The GMA was established to separate urban and rural uses, but this bill blurs that distinction, and accelerates urban growth. This bill is bad policy and is contrary to long-established GMA policies.
Land prices are not a good reason to undo rural protections from the GMA. For the benefit of students, parents, and society, schools should be located in neighborhoods where they serve students. Schools that serve students from distant, urban areas are not a good idea.
It is not a state law issue that is creating this situation in the central Puget Sound region; it is the Puget Sound Regional Council's Vision 2040 that makes the choice about school siting. Other counties allow rural schools. This bill represents a statewide approach that says schools are permitted uses in all zones, with a low bar for what it takes to get to that point. This bill seems to have taken a step back from previous approaches. If this bill moves forward, the impacts and costs should be fully accounted for and addressed.
The word "permitted" is concerning, because when something is permitted, it doesn't get the same process as a conditional use; instead, it can go through without notice or comment. There are many competing interests and uses for land, and a preemptive use doesn't allow for a holistic view. A permissive approach, or a pilot approach, would be a better outcome.
The GMA is silent on whether schools are inside or outside the UGA. The counties that adopted Vision 2040 agreed to abide by its rules, and Vision 2040 speaks to where schools should be and where they should not be. This is a local planning problem that does not need to be resolved at the state level.
There is concern about the impact the bill would have on children's health and safety. The United States is still in an obesity crisis and it is important that all sectors contribute to healthier communities, including land use planning. School siting has a nexus to student health, and health is connected to achievement. Creating a piecemeal exemption for one sector is problematic. If we want our kids to live longer than their parents, we need to make land use decisions that align with that goal.
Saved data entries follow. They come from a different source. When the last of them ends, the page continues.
(* Let $\mathfrak{P}$ be a nonempty compact set of probability distributions $P=(p_\omega)_{\omega\in\Omega}$ on $\Omega$ and $\Phi_A(\mathbf{x})=\max_{P\in\mathfrak{P}}\sum_{\omega\in\Omega}p_\omega Q_\omega(\mathbf{x})$. Let $\hat{\mathbf{x}}\in\mathcal{X}$, for each $\omega$ let $\hat{\mathbf{S}}^\omega$ be an optimal solution of the problem defining $Q_\omega(\hat{\mathbf{x}})$, and let $(\hat p_\omega)_{\omega\in\Omega}\in\arg\max_{P\in\mathfrak{P}}\sum_{\omega\in\Omega}p_\omega f^\omega(\hat{\mathbf{S}}^\omega)$. For each $\omega,q$ fix an ordering $\hat S^\omega_q=\{i^\omega_{q,1},\dots,i^\omega_{q,T^\omega_q}\}$ and for $1\le t\le T^\omega_q$ let $\hat{\mathbf{S}}^\omega_{q,(t)}=(\hat S^\omega_1,\dots,\hat S^\omega_{q-1},\{i^\omega_{q,1},\dots,i^\omega_{q,t-1}\},\emptyset,\dots,\emptyset)$. Then for every $\mathbf{x}\in\mathcal{X}$, $$\Phi_A(\mathbf{x})\;\ge\;\Phi_A(\hat{\mathbf{x}})-\sum_{q=1}^k\sum_{\omega\in\Omega}\sum_{t=1}^{T^\omega_q}\hat p_\omega\,\rho^\omega_{q,i^\omega_{q,t}}(\hat{\mathbf{S}}^\omega_{q,(t)})\,\xi^\omega_{i^\omega_{q,t}}\,x_{q,i^\omega_{q,t}}.$$
   Context: Let $n,k$ be positive integers and $N=\{1,\dots,n\}$. $\mathbb{X}(N,k)$ denotes the set of $k$-tuples $\mathbf{S}=(S_1,\dots,S_k)$ of pairwise disjoint subsets of $N$; such a tuple is identified with $\mathbf{s}\in\{0,1\}^{kn}$ where $s_{q,i}=1$ iff $i\in S_q$. For $\mathbf{X},\mathbf{Y}\in\mathbb{X}(N,k)$ let $\mathbf{X}\sqcap\mathbf{Y}=(X_1\cap Y_1,\dots,X_k\cap Y_k)$ and $\mathbf{X}\sqcup\mathbf{Y}$ be the tuple whose $i$-th component is $(X_i\cup Y_i)\setminus\bigcup_{q\ne i}(X_q\cup Y_q)$. A function $f:\mathbb{X}(N,k)\to\mathbb{R}$ is $k$-submodular if $f(\mathbf{X})+f(\mathbf{Y})\ge f(\mathbf{X}\sqcap\mathbf{Y})+f(\mathbf{X}\sqcup\mathbf{Y})$ for all $\mathbf{X},\mathbf{Y}$, and monotone if $f(\mathbf{X})\le f(\mathbf{Y})$ whenever $X_q\subseteq Y_q$ for all $q$. $\boldsymbol{\emptyset}=(\emptyset,\dots,\emptyset)$. Given nonnegative integer budgets $A_1,\dots,A_k$ and $D_1,\dots,D_k$, the attacker's feasible set is $\mathcal{X}=\{\mathbf{x}\in\{0,1\}^{kn}:\sum_{i=1}^n x_{q,i}\le A_q\ \forall q,\ \sum_{q=1}^k x_{q,i}\le 1\ \forall i\in N\}$. Stochastic setting: $\Omega$ is a finite set of scenarios; for each $\omega\in\Omega$ we are given $\xi^\omega\in\{0,1\}^n$ and a monotone $k$-submodular function $f^\omega:\mathbb{X}(N,k)\to\mathbb{R}$, with marginal gains $\rho^\omega_{q,i}(\mathbf{X})=f^\omega(X_1,\dots,X_q\cup\{i\},\dots,X_k)-f^\omega(\mathbf{X})$ for $i\notin\bigcup_r X_r$. For $\mathbf{x}\in\mathcal{X}$, $Q_\omega(\mathbf{x})=\max\{f^\omega(\mathbf{S}):\mathbf{S}\in\mathbb{X}(N,k),\ s_{q,i}\le 1-x_{q,i}\xi^\omega_i\ \forall q,i,\ \sum_{i=1}^n s_{q,i}\le D_q\ \forall q\}$. *)

From HB Require Import structures.
From mathcomp Require Import all_boot all_order all_algebra.
From mathcomp Require Import all_classical all_reals all_analysis.
Set Implicit Arguments. Unset Strict Implicit. Unset Printing Implicit Defensive.
Import Order.TTheory GRing.Theory Num.Theory.
Import numFieldNormedType.Exports.
Local Open Scope ring_scope.

(* An element of X(N,k) (k-tuple of pairwise disjoint subsets of N = 'I_n)
   is encoded as its labeling: S i = Some q  iff  i \in S_q,
   S i = None iff i is in no S_q. *)
Definition kset (n k : nat) := {ffun 'I_n -> option 'I_k}.

Definition kempty (n k : nat) : kset n k := [ffun _ => None].

Definition comp n k (X : kset n k) (q : 'I_k) : {set 'I_n} :=
  [set i | X i == Some q].

Definition kmeet n k (X Y : kset n k) : kset n k :=
  [ffun i => if X i == Y i then X i else None].

(* X ⊔ Y : i-th component is (X_i ∪ Y_i) minus the other unions *)
Definition kjoin n k (X Y : kset n k) : kset n k :=
  [ffun i => match X i, Y i with
             | None, b => b
             | a, None => a
             | Some a, Some b => if a == b then Some a else None
             end].

Definition k_submodular n k (R : realType) (f : kset n k -> R) :=
  forall X Y : kset n k, f (kmeet X Y) + f (kjoin X Y) <= f X + f Y.

Definition ksubset n k (X Y : kset n k) :=
  forall q : 'I_k, comp X q \subset comp Y q.

Definition k_monotone n k (R : realType) (f : kset n k -> R) :=
  forall X Y : kset n k, ksubset X Y -> f X <= f Y.

Definition kadd n k (X : kset n k) (q : 'I_k) (i : 'I_n) : kset n k :=
  [ffun j => if j == i then Some q else X j].

Definition marg n k (R : realType) (f : kset n k -> R) (q : 'I_k) (i : 'I_n)
  (X : kset n k) : R := f (kadd X q i) - f X.

(* attacker feasibility: x in \mathcal X (the constraint sum_q x_{q,i} <= 1
   is built into the encoding) *)
Definition attacker_feasible n k (A : 'I_k -> nat) (x : kset n k) :=
  forall q : 'I_k, (#|comp x q| <= A q)%N.

Definition xval n k (x : kset n k) (q : 'I_k) (i : 'I_n) : bool := x i == Some q.

Definition def_feasible n k (D : 'I_k -> nat) (xi : 'I_n -> bool)
  (x : kset n k) (S : kset n k) : bool :=
  [forall q : 'I_k, [forall i : 'I_n,
      (S i == Some q) ==> ~~ (xval x q i && xi i)]]
  && [forall q : 'I_k, (#|comp S q| <= D q)%N].

(* Q_omega(x) = max of f over defender-feasible S (S = empty is feasible) *)
Definition Qval n k (R : realType) (D : 'I_k -> nat) (xi : 'I_n -> bool)
  (f : kset n k -> R) (x : kset n k) : R :=
  \big[Num.max/f (kempty n k)]_(S : kset n k | def_feasible D xi x S) f S.

Definition prob_dist (R : realType) m (P : 'rV[R]_m) :=
  (forall w : 'I_m, 0 <= P 0 w) /\ \sum_(w < m) P 0 w = 1.

(* Phi_A(x) = max_{P in frakP} sum_w p_w Q_w(x); the max exists by
   compactness, so it equals the supremum. *)
Definition PhiA n k m (R : realType) (frakP : set 'rV[R]_m)
  (D : 'I_k -> nat) (xi : 'I_m -> 'I_n -> bool) (f : 'I_m -> kset n k -> R)
  (x : kset n k) : R :=
  sup [set \sum_(w < m) P 0 w * Qval D (xi w) (f w) x | P in frakP].

(* Ŝ_{q,(t)} (with t 0-indexed: the q-th component consists of the first t
   elements of the ordering ord of Ŝ_q) *)
Definition Spart n k (S : kset n k) (q : 'I_k) (ord : seq 'I_n) (t : nat)
  : kset n k :=
  [ffun i => match S i with
             | Some r => if (r < q)%N then Some r
                         else if (r == q) && (i \in take t ord) then Some q
                         else None
             | None => None
             end].

From Pilot Require Import Defs.
From HB Require Import structures.
From mathcomp Require Import all_boot all_order all_algebra.
From mathcomp Require Import all_classical all_reals all_analysis.
From mathcomp Require Import lra.
Import Order.TTheory GRing.Theory Num.Theory.
Import numFieldNormedType.Exports.
Local Open Scope ring_scope.
Set Implicit Arguments. Unset Strict Implicit. Unset Printing Implicit Defensive.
There is a concern with exempting one use group from the GMA; letting one group be exempt causes great concerns. The ongoing issue under the GMA is that all jurisdictions planning under the GMA are supposed to identify buildable lands, but the UGA boundaries are not reflecting the buildable lands. Asking home builders to pay impact fees under the GMA for buildings that would themselves be exempt from the GMA is not a fair deal.
(Other) It is uncertain whether this approach is the right way. There does need to be some form of proposal to move forward this year.
Persons Testifying: (In support) Representative McCaslin, prime sponsor; Mark Hood, White River School District; John Page, Tacoma School District; Jeff Lucas and Ronda Litzenberger, Eatonville School District; Jessica Vavrus, Washington State School Directors' Association; Cathie Carlson, Amy Pivetta Hoffman, and Tom Siegel, Bethel School District; Derek Young, Pierce County Council; Patrick Connor, National Federation for Independent Business; Melissa Gombosky, Spokane Public Schools; and Marie Sullivan, Richland School District.
(Opposed) Bernie Talmas and Brandon Buchanon, City of Woodinville; Carl Schroeder, Association of Washington Cities; Bill Stankus and Catherine Stankus, Neighbors to Save Wellington Park; Laura Berg, Washington Association of Counties; Bryce Yadon, Futerwise; Victor Coleman, Childhood Obesity Prevention Coalition; and Steve Gano, Building Industries Association of Washington.
(Other) Dave Mastin, Office of the Superintendent of Public Instruction.
Persons Signed In To Testify But Not Testifying: None.